Свой мемуарный очерк Эмма Григорьевна начинает с критики академика Панченко, автора вступительной статьи в первой публикации переписки Ахматовой и Гумилева. Александр Михайлович отзывался об Ахматовой с большим уважением, но все таки посчитал упреки сына матери справедливыми: «Сын тоскует о жизни на воле, хотя бы о реальном знании о ней. Мать поэтесса пишет о "состояниях" – отсюда его упреки и ее обиды на сыновние "дерзости" (вообще-то письма очень нежные). Как сытый голодного не разумеет, так и "вольный" – узника».
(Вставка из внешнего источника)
(* Let $\mathsf C$ be any smooth vector field on $\mathbb R^3$ and $\widetilde\nabla$ the snm-connection determined by $\mathsf C$. Let $M$ be an oriented surface immersed in $\mathbb R^3$ with unit normal $N$, Gaussian curvature $G$ and mean curvature $H$ (with respect to the Euclidean Levi-Civita connection). Then at every point $p\in M$, $$K(p)=\widetilde K(T_pM)+G(p)-\langle \mathsf C(p),N(p)\rangle\, H(p).$$
   Context: Let $\langle\cdot,\cdot\rangle$ be the Euclidean metric on $\mathbb R^3$ and $\widetilde\nabla^0$ its Levi-Civita connection (the ordinary directional derivative). Given a smooth vector field $\mathsf C$ on $\mathbb R^3$, the semi-symmetric non-metric connection (snm-connection) determined by $\mathsf C$ is $\widetilde\nabla_XY=\widetilde\nabla^0_XY+\langle \mathsf C,Y\rangle X$. Its curvature tensor is $\widetilde R(X,Y)Z=\widetilde\nabla_X\widetilde\nabla_YZ-\widetilde\nabla_Y\widetilde\nabla_XZ-\widetilde\nabla_{[X,Y]}Z$. For a $2$-dimensional subspace $\pi\subset T_p\mathbb R^3$ with orthonormal basis $\{e_1,e_2\}$, its sectional curvature with respect to $\widetilde\nabla$ is $\widetilde K(\pi)=\frac12\big(\langle\widetilde R(e_1,e_2)e_2,e_1\rangle+\langle\widetilde R(e_2,e_1)e_1,e_2\rangle\big)$ (independent of the orthonormal basis). For a surface $M$ immersed in $\mathbb R^3$, the induced connection is $\nabla_XY=(\widetilde\nabla_XY)^{\top}$ (tangential component) for tangent vector fields $X,Y$, with curvature tensor $R$ defined by the same formula as $\widetilde R$, and the sectional curvature of $M$ with respect to $\widetilde\nabla$ at $p$ is $K(p)=\frac12\big(\langle R(e_1,e_2)e_2,e_1\rangle+\langle R(e_2,e_1)e_1,e_2\rangle\big)$ for an orthonormal basis $\{e_1,e_2\}$ of $T_pM$. The second fundamental form is $h(X,Y)=\langle\widetilde\nabla^0_XY,N\rangle$; $G$ is the determinant and $H$ is one half of the trace of the associated shape operator. *)

From Stdlib Require Import Reals.
From Coquelicot Require Import Coquelicot.
Open Scope R_scope.

Definition Vec3 : Type := (R * R * R)%type.
Definition Pt2 : Type := (R * R)%type.

Definition x1 (v : Vec3) : R := fst (fst v).
Definition x2 (v : Vec3) : R := snd (fst v).
Definition x3 (v : Vec3) : R := snd v.
Definition mk3 (a b c : R) : Vec3 := (a, b, c).

Definition vadd (v w : Vec3) : Vec3 := mk3 (x1 v + x1 w) (x2 v + x2 w) (x3 v + x3 w).
Definition vopp (v : Vec3) : Vec3 := mk3 (- x1 v) (- x2 v) (- x3 v).
Definition vsub (v w : Vec3) : Vec3 := vadd v (vopp w).
Definition vscal (a : R) (v : Vec3) : Vec3 := mk3 (a * x1 v) (a * x2 v) (a * x3 v).
Definition vdot (v w : Vec3) : R := x1 v * x1 w + x2 v * x2 w + x3 v * x3 w.

Definition du (f : Pt2 -> R) (q : Pt2) : R := Derive (fun t => f (t, snd q)) (fst q).
Definition dv (f : Pt2 -> R) (q : Pt2) : R := Derive (fun t => f (fst q, t)) (snd q).

Fixpoint Ck2 (k : nat) (f : Pt2 -> R) : Prop :=
  match k with
  | O => forall q, continuous f q
  | S k => (forall q, ex_derive (fun t => f (t, snd q)) (fst q)
                   /\ ex_derive (fun t => f (fst q, t)) (snd q))
           /\ Ck2 k (du f) /\ Ck2 k (dv f)
  end.
Definition smooth2 (f : Pt2 -> R) : Prop := forall k, Ck2 k f.

Definition d1 (f : Vec3 -> R) (x : Vec3) : R := Derive (fun t => f (mk3 t (x2 x) (x3 x))) (x1 x).
Definition d2 (f : Vec3 -> R) (x : Vec3) : R := Derive (fun t => f (mk3 (x1 x) t (x3 x))) (x2 x).
Definition d3 (f : Vec3 -> R) (x : Vec3) : R := Derive (fun t => f (mk3 (x1 x) (x2 x) t)) (x3 x).

Fixpoint Ck3 (k : nat) (f : Vec3 -> R) : Prop :=
  match k with
  | O => forall x, continuous f x
  | S k => (forall x, ex_derive (fun t => f (mk3 t (x2 x) (x3 x))) (x1 x)
                   /\ ex_derive (fun t => f (mk3 (x1 x) t (x3 x))) (x2 x)
                   /\ ex_derive (fun t => f (mk3 (x1 x) (x2 x) t)) (x3 x))
           /\ Ck3 k (d1 f) /\ Ck3 k (d2 f) /\ Ck3 k (d3 f)
  end.
Definition smooth3 (f : Vec3 -> R) : Prop := forall k, Ck3 k f.

Definition smooth_field3 (X : Vec3 -> Vec3) : Prop :=
  smooth3 (fun x => x1 (X x)) /\ smooth3 (fun x => x2 (X x)) /\ smooth3 (fun x => x3 (X x)).
Definition smooth_map23 (f : Pt2 -> Vec3) : Prop :=
  smooth2 (fun q => x1 (f q)) /\ smooth2 (fun q => x2 (f q)) /\ smooth2 (fun q => x3 (f q)).
Definition smooth_map22 (f : Pt2 -> Pt2) : Prop :=
  smooth2 (fun q => fst (f q)) /\ smooth2 (fun q => snd (f q)).

Definition ddir3 (X : Vec3 -> Vec3) (f : Vec3 -> R) (x : Vec3) : R :=
  x1 (X x) * d1 f x + x2 (X x) * d2 f x + x3 (X x) * d3 f x.
Definition nabla0 (X Y : Vec3 -> Vec3) (x : Vec3) : Vec3 :=
  mk3 (ddir3 X (fun y => x1 (Y y)) x) (ddir3 X (fun y => x2 (Y y)) x)
      (ddir3 X (fun y => x3 (Y y)) x).
Definition lie3 (X Y : Vec3 -> Vec3) (x : Vec3) : Vec3 :=
  mk3 (ddir3 X (fun y => x1 (Y y)) x - ddir3 Y (fun y => x1 (X y)) x)
      (ddir3 X (fun y => x2 (Y y)) x - ddir3 Y (fun y => x2 (X y)) x)
      (ddir3 X (fun y => x3 (Y y)) x - ddir3 Y (fun y => x3 (X y)) x).
Definition snm (C : Vec3 -> Vec3) (X Y : Vec3 -> Vec3) (x : Vec3) : Vec3 :=
  vadd (nabla0 X Y x) (vscal (vdot (C x) (Y x)) (X x)).
Definition curvT (C : Vec3 -> Vec3) (X Y Z : Vec3 -> Vec3) (x : Vec3) : Vec3 :=
  vsub (vsub (snm C X (snm C Y Z) x) (snm C Y (snm C X Z) x)) (snm C (lie3 X Y) Z x).
(** sectional curvature of the plane spanned by E1 p, E2 p (orthonormal),
    computed with vector fields E1, E2 extending them *)
Definition secT (C : Vec3 -> Vec3) (E1 E2 : Vec3 -> Vec3) (p : Vec3) : R :=
  / 2 * (vdot (curvT C E1 E2 E2 p) (E1 p) + vdot (curvT C E2 E1 E1 p) (E2 p)).

(** * Surface geometry, for an immersion phi : R^2 -> R^3 (a local patch) *)
Definition pu (phi : Pt2 -> Vec3) (q : Pt2) : Vec3 :=
  mk3 (du (fun r => x1 (phi r)) q) (du (fun r => x2 (phi r)) q) (du (fun r => x3 (phi r)) q).
Definition pv (phi : Pt2 -> Vec3) (q : Pt2) : Vec3 :=
  mk3 (dv (fun r => x1 (phi r)) q) (dv (fun r => x2 (phi r)) q) (dv (fun r => x3 (phi r)) q).

Definition immersion (phi : Pt2 -> Vec3) : Prop :=
  forall q a b, vadd (vscal a (pu phi q)) (vscal b (pv phi q)) = mk3 0 0 0 -> a = 0 /\ b = 0.

Definition unit_normal (phi : Pt2 -> Vec3) (N : Pt2 -> Vec3) : Prop :=
  forall q, vdot (N q) (pu phi q) = 0 /\ vdot (N q) (pv phi q) = 0 /\ vdot (N q) (N q) = 1.

(** Tangent vector fields on the surface, given by their coefficient functions
    X = a phi_u + b phi_v, with (a,b) = X q. *)
Definition realize (phi : Pt2 -> Vec3) (X : Pt2 -> Pt2) (q : Pt2) : Vec3 :=
  vadd (vscal (fst (X q)) (pu phi q)) (vscal (snd (X q)) (pv phi q)).
Definition dS (X : Pt2 -> Pt2) (f : Pt2 -> R) (q : Pt2) : R :=
  fst (X q) * du f q + snd (X q) * dv f q.
Definition nabla0S (X : Pt2 -> Pt2) (W : Pt2 -> Vec3) (q : Pt2) : Vec3 :=
  mk3 (dS X (fun r => x1 (W r)) q) (dS X (fun r => x2 (W r)) q) (dS X (fun r => x3 (W r)) q).
Definition lieS (X Y : Pt2 -> Pt2) (q : Pt2) : Pt2 :=
  (dS X (fun r => fst (Y r)) q - dS Y (fun r => fst (X r)) q,
   dS X (fun r => snd (Y r)) q - dS Y (fun r => snd (X r)) q).
Definition tang (N : Pt2 -> Vec3) (w : Vec3) (q : Pt2) : Vec3 :=
  vsub w (vscal (vdot w (N q)) (N q)).
(** induced connection nabla_X W = (nablaT_X W)^T, for W a (tangent) field along phi *)
Definition nablaS (C : Vec3 -> Vec3) (phi : Pt2 -> Vec3) (N : Pt2 -> Vec3)
    (X : Pt2 -> Pt2) (W : Pt2 -> Vec3) (q : Pt2) : Vec3 :=
  tang N (vadd (nabla0S X W q) (vscal (vdot (C (phi q)) (W q)) (realize phi X q))) q.
Definition curvS (C : Vec3 -> Vec3) (phi : Pt2 -> Vec3) (N : Pt2 -> Vec3)
    (X Y Z : Pt2 -> Pt2) (q : Pt2) : Vec3 :=
  vsub (vsub (nablaS C phi N X (nablaS C phi N Y (realize phi Z)) q)
             (nablaS C phi N Y (nablaS C phi N X (realize phi Z)) q))
       (nablaS C phi N (lieS X Y) (realize phi Z) q).
(** sectional curvature K of M w.r.t. nablaT, computed with tangent fields
    E1, E2 that are orthonormal at q *)
Definition secS (C : Vec3 -> Vec3) (phi : Pt2 -> Vec3) (N : Pt2 -> Vec3)
    (E1 E2 : Pt2 -> Pt2) (q : Pt2) : R :=
  / 2 * (vdot (curvS C phi N E1 E2 E2 q) (realize phi E1 q)
         + vdot (curvS C phi N E2 E1 E1 q) (realize phi E2 q)).

(** First and second fundamental forms in the coordinate basis (phi_u, phi_v);
    h(X,Y) = <nabla0_X Y, N>, so h_ij = <d_i d_j phi, N>. *)
Definition fE (phi : Pt2 -> Vec3) q := vdot (pu phi q) (pu phi q).
Definition fF (phi : Pt2 -> Vec3) q := vdot (pu phi q) (pv phi q).
Definition fG (phi : Pt2 -> Vec3) q := vdot (pv phi q) (pv phi q).
Definition hL (phi N : Pt2 -> Vec3) q := vdot (nabla0S (fun _ => (1, 0)) (pu phi) q) (N q).
Definition hM (phi N : Pt2 -> Vec3) q := vdot (nabla0S (fun _ => (1, 0)) (pv phi) q) (N q).
Definition hN (phi N : Pt2 -> Vec3) q := vdot (nabla0S (fun _ => (0, 1)) (pv phi) q) (N q).
(** Matrix of the shape operator A (with <A X, Y> = h(X,Y)) in the basis
    (phi_u, phi_v): A = I^{-1} II. *)
Definition shape11 phi N q :=
  (fG phi q * hL phi N q - fF phi q * hM phi N q) / (fE phi q * fG phi q - fF phi q ^ 2).
Definition shape12 phi N q :=
  (fG phi q * hM phi N q - fF phi q * hN phi N q) / (fE phi q * fG phi q - fF phi q ^ 2).
Definition shape21 phi N q :=
  (fE phi q * hM phi N q - fF phi q * hL phi N q) / (fE phi q * fG phi q - fF phi q ^ 2).
Definition shape22 phi N q :=
  (fE phi q * hN phi N q - fF phi q * hM phi N q) / (fE phi q * fG phi q - fF phi q ^ 2).
Definition gaussK phi N q := shape11 phi N q * shape22 phi N q - shape12 phi N q * shape21 phi N q.
Definition meanH phi N q := / 2 * (shape11 phi N q + shape22 phi N q).

From Stdlib Require Import Reals Lra Psatz FunctionalExtensionality.
From Coquelicot Require Import Coquelicot.
Open Scope R_scope.

(* The snm-connection differs from the flat connection by the term <C,Y> X.
   Expanding its curvature (using the symmetry of second derivatives) gives
     R~(X,Y)Z = omega(X,Z) Y - omega(Y,Z) X,  omega(v,w) = <nabla0_v C, w> - <C,v><C,w>,
   so K~(T_pM) = -(omega(e1,e1) + omega(e2,e2))/2 for an orthonormal basis (e1,e2).
   On the surface, nabla_X W = (nabla~_X W)^T; expanding <R(X,Y)Z, E> with the
   Leibniz rule, the tangency of X, Y, Z, E and h(X,W) = <nabla0_X W, N> gives the
   Gauss-type equation
     <R(X,Y)Z, E> = h(Y,Z) h(X,E) - h(X,Z) h(Y,E) + Omega(X,Z) <Y,E> - Omega(Y,Z) <X,E>
   with Omega = omega + <C,N> h. In an orthonormal frame the h-terms give det A = G
   and the Omega-terms give K~(T_pM) - <C,N> (tr A)/2 = K~(T_pM) - <C,N> H. *)

(** * Real analysis in three variables *)

Lemma mk3_eta (v : Vec3) : mk3 (x1 v) (x2 v) (x3 v) = v.
Proof. destruct v as [[a b] c]; reflexivity. Qed.

Lemma Vec3_eq (a b : Vec3) : x1 a = x1 b -> x2 a = x2 b -> x3 a = x3 b -> a = b.
Proof. destruct a as [[a1 a2] a3], b as [[b1 b2] b3]; cbn; intros -> -> ->; reflexivity. Qed.

Lemma continuous_Vec3_eps (f : Vec3 -> R) (p : Vec3) : continuous f p ->
  forall e, 0 < e -> exists d, 0 < d /\ forall y, Rabs (x1 y - x1 p) < d ->
    Rabs (x2 y - x2 p) < d -> Rabs (x3 y - x3 p) < d -> Rabs (f y - f p) < e.
Proof.
  intros Hc e He.
  destruct (proj1 (filterlim_locally f (f p)) Hc (mkposreal e He)) as [d Hd].
  exists d; split; [apply cond_pos|]. intros y h1 h2 h3.
  apply (Hd y). split; [split|]; assumption.
Qed.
«К сожалению, в комментарии и вступительной статье академика теплое чувство дружбы взяло верх над требовательностью ученого», — строго замечает Герштейн. Однако сама Эмма Григорьевна менее всего напоминает беспристрастного литературоведа. Логику исследователя она подменяет красноречием человека, свято убежденного в собственной правоте: «Наоборот, возражу я, — это узник не разумеет вольного. <…> Но что же могла написать Анна Андреевна о своей жизни? Что после прощания с Левой и благословения его она потеряла сознание? Что она очнулась от слов гэбэшников: "А теперь вставайте, мы будем делать у вас обыск»?" Что она не знает, сколько дней и ночей она пролежала в остывшей комнате? И когда в один из этих дней она спросила десятилетнюю Аню Каминскую: "Отчего ты вчера не позвала меня к телефону?", то услышала в ответ: "Ну, Акума, я думала, ты без сознания…" Что в этом тумане горя она сожгла огромную часть своего литературного архива…» Все это правда, и слова Эммы Григорьевны очень убедительны, да только они, по счастью, относятся к страшному, но сравнительно краткому периоду жизни Ахматовой. Гумилев больше всего упрекал Ахматову в молчании и недомолвках уже позднее, в 1955—1956-м. А жизнь Анны Андреевны тогда уже никак не напоминала бесконечно растянувшийся день ареста.
Более всего Ахматова и Герштейн ругали солагерников Гумилева: «Это все влияние советчиков Льва Николаевича, его лагерных друзей, так называемых "кирюх"». Это они, они будто бы невольно помогли развиться худшим чертам его личности – завистливости, обидчивости, неблагодарности.
Среди «кирюх» были поэты, художники, востоковеды, инженеры, священники. Как фронтовик, вернувшийся с войны, навещает родных еще воюющего товарища, так и эти люди, по просьбе самого Гумилева, приезжали к Ахматовой в Ленинград. Кажется, принимала она их не слишком приветливо (по крайней мере Л.К.Павликова и С.С.Серпинского). Справедливо ли обвиняли их Ахматова и Герштейн? Не думаю, что стоит перекладывать ответственность на других. Льву Николаевичу в год освобождения исполнилось сорок четыре года, в такие лета люди отвечают за свои слова и свои поступки.